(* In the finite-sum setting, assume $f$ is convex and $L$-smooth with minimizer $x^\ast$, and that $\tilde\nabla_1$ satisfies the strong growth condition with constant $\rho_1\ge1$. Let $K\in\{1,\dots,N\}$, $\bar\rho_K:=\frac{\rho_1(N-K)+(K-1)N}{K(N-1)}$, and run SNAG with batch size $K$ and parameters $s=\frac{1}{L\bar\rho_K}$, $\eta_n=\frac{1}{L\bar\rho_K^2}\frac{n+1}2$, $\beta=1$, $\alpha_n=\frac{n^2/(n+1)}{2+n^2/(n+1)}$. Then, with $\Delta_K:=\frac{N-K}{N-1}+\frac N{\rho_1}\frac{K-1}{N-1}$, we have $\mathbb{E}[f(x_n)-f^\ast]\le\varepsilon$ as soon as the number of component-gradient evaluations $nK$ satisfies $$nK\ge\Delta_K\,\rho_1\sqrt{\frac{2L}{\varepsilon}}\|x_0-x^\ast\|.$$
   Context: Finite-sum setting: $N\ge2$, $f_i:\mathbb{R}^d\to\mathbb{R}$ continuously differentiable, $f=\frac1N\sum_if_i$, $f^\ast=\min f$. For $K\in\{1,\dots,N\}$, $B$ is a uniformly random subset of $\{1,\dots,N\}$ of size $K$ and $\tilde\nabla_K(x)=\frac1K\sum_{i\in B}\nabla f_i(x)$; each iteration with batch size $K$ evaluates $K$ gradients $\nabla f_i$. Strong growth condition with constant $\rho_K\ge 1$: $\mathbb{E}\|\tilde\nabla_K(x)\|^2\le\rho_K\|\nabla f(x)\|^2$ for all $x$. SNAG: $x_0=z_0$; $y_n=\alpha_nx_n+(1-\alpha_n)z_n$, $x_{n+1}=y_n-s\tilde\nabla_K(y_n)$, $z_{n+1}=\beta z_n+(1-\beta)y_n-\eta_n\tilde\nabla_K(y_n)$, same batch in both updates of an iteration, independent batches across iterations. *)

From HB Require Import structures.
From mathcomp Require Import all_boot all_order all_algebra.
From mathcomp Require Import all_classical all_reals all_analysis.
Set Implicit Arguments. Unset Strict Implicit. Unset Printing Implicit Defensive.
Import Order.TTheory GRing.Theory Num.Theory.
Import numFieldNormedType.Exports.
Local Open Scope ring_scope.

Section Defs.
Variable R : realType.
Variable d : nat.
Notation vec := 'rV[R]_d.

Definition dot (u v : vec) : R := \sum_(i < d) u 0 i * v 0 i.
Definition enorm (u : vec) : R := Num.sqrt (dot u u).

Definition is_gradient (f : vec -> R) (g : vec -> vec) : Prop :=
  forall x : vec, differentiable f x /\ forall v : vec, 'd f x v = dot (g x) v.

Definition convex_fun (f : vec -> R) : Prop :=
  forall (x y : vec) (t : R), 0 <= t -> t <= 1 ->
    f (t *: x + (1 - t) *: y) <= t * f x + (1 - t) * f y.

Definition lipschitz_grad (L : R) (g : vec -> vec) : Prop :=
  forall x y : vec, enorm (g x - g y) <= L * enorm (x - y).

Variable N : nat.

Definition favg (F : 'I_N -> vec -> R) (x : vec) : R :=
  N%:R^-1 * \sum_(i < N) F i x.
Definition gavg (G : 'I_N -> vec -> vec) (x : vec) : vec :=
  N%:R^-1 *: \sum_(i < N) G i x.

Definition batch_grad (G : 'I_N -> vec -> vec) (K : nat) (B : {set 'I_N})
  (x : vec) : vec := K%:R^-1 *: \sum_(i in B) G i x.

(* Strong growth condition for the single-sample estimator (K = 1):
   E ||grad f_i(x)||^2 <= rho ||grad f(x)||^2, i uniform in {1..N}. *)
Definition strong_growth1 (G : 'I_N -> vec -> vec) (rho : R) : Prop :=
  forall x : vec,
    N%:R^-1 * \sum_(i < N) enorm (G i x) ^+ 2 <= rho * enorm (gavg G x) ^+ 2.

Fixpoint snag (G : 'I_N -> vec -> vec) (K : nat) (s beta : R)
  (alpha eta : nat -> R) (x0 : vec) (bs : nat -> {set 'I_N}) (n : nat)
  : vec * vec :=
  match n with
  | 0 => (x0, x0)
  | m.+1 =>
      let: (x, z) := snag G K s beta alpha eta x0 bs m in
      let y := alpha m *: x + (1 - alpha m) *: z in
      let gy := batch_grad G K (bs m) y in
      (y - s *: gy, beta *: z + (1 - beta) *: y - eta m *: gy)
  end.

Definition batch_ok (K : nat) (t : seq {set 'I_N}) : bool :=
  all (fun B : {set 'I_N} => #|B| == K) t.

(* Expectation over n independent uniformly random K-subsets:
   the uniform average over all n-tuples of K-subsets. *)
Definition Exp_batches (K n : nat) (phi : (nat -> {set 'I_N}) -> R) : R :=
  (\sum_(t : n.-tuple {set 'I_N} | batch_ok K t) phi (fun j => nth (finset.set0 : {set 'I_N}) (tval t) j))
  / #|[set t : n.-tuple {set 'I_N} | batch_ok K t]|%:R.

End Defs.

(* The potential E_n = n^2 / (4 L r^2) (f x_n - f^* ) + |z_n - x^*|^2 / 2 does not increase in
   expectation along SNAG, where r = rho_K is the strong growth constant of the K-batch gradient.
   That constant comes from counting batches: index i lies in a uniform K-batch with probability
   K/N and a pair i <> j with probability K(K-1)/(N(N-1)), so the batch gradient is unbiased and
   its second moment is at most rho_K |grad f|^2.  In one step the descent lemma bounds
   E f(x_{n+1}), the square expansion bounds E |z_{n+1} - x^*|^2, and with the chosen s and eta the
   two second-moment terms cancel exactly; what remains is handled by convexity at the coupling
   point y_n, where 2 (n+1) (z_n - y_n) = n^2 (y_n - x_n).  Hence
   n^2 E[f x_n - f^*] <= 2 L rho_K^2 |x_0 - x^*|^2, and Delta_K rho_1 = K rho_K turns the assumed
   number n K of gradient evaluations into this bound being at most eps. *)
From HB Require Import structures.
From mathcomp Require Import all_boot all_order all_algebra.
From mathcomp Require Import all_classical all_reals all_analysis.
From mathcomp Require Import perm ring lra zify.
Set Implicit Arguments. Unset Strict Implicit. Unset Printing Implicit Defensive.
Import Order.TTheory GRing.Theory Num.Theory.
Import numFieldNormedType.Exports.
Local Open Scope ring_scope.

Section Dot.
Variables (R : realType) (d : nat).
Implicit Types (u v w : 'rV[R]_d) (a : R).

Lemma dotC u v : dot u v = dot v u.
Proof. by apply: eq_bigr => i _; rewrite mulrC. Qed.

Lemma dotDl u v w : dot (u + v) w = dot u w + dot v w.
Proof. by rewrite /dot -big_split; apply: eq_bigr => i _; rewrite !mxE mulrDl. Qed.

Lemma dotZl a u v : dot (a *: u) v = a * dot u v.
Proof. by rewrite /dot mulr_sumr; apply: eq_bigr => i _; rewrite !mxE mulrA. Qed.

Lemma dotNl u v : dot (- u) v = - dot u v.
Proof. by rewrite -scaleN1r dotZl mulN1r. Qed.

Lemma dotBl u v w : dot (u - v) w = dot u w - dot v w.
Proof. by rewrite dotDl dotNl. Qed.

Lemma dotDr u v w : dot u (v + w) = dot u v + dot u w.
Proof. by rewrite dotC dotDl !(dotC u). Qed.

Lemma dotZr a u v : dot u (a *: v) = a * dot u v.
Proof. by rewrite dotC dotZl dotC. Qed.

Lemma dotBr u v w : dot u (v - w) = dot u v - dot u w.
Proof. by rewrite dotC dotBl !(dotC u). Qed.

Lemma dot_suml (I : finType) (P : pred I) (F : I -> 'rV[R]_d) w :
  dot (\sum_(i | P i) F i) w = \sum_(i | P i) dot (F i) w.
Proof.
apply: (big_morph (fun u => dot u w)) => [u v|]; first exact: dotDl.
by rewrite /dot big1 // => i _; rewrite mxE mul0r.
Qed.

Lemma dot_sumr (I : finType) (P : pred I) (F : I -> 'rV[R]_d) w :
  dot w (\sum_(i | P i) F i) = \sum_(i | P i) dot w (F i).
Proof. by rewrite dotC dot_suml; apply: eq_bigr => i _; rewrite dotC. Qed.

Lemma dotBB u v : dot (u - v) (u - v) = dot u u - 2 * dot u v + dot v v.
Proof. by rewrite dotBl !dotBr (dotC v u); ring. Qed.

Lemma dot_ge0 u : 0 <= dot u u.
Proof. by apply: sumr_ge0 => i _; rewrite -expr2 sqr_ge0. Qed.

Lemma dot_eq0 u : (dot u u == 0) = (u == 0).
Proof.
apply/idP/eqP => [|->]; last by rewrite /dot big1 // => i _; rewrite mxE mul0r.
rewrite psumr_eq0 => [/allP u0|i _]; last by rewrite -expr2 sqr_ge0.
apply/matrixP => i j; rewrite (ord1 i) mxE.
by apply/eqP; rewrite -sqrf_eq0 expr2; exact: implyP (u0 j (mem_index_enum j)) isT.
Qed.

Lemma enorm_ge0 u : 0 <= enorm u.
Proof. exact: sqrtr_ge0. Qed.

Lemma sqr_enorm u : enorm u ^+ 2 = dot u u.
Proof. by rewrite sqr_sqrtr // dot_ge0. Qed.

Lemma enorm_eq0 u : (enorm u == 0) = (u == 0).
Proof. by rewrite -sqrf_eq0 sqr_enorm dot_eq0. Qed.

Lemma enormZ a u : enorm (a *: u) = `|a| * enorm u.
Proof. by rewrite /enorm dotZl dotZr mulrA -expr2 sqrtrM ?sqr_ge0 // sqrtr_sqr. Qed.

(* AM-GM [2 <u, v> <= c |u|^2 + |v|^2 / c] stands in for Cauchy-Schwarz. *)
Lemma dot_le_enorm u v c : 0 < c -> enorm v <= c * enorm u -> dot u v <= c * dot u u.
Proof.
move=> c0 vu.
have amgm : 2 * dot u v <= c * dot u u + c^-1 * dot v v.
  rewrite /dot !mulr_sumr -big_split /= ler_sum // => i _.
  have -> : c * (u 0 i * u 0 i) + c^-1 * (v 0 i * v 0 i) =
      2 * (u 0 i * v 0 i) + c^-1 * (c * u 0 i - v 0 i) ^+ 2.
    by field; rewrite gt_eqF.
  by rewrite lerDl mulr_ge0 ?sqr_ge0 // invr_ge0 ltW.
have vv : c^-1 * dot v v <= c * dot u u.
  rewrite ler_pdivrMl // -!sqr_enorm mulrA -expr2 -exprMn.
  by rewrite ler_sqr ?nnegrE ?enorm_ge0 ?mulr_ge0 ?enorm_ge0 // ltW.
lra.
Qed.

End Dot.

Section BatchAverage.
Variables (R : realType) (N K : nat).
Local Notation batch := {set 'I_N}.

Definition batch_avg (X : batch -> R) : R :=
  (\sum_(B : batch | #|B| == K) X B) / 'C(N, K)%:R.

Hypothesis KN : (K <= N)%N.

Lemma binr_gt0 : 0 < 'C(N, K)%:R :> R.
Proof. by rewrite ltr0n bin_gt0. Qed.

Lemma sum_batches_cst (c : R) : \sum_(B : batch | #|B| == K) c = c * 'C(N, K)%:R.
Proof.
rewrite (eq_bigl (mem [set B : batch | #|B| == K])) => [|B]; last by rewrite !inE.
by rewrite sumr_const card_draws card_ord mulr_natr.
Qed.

——

What you will do
Could you restate word for word the lines above, from the one that contains "Definition is_gradient (f" through the one that contains "(* Strong growth", and no others?

Solution for this problem
Definition is_gradient (f : vec -> R) (g : vec -> vec) : Prop :=
  forall x : vec, differentiable f x /\ forall v : vec, 'd f x v = dot (g x) v.

Definition convex_fun (f : vec -> R) : Prop :=
  forall (x y : vec) (t : R), 0 <= t -> t <= 1 ->
    f (t *: x + (1 - t) *: y) <= t * f x + (1 - t) * f y.

Definition lipschitz_grad (L : R) (g : vec -> vec) : Prop :=
  forall x y : vec, enorm (g x - g y) <= L * enorm (x - y).

Variable N : nat.

Definition favg (F : 'I_N -> vec -> R) (x : vec) : R :=
  N%:R^-1 * \sum_(i < N) F i x.
Definition gavg (G : 'I_N -> vec -> vec) (x : vec) : vec :=
  N%:R^-1 *: \sum_(i < N) G i x.

Definition batch_grad (G : 'I_N -> vec -> vec) (K : nat) (B : {set 'I_N})
  (x : vec) : vec := K%:R^-1 *: \sum_(i in B) G i x.

(* Strong growth condition for the single-sample estimator (K = 1):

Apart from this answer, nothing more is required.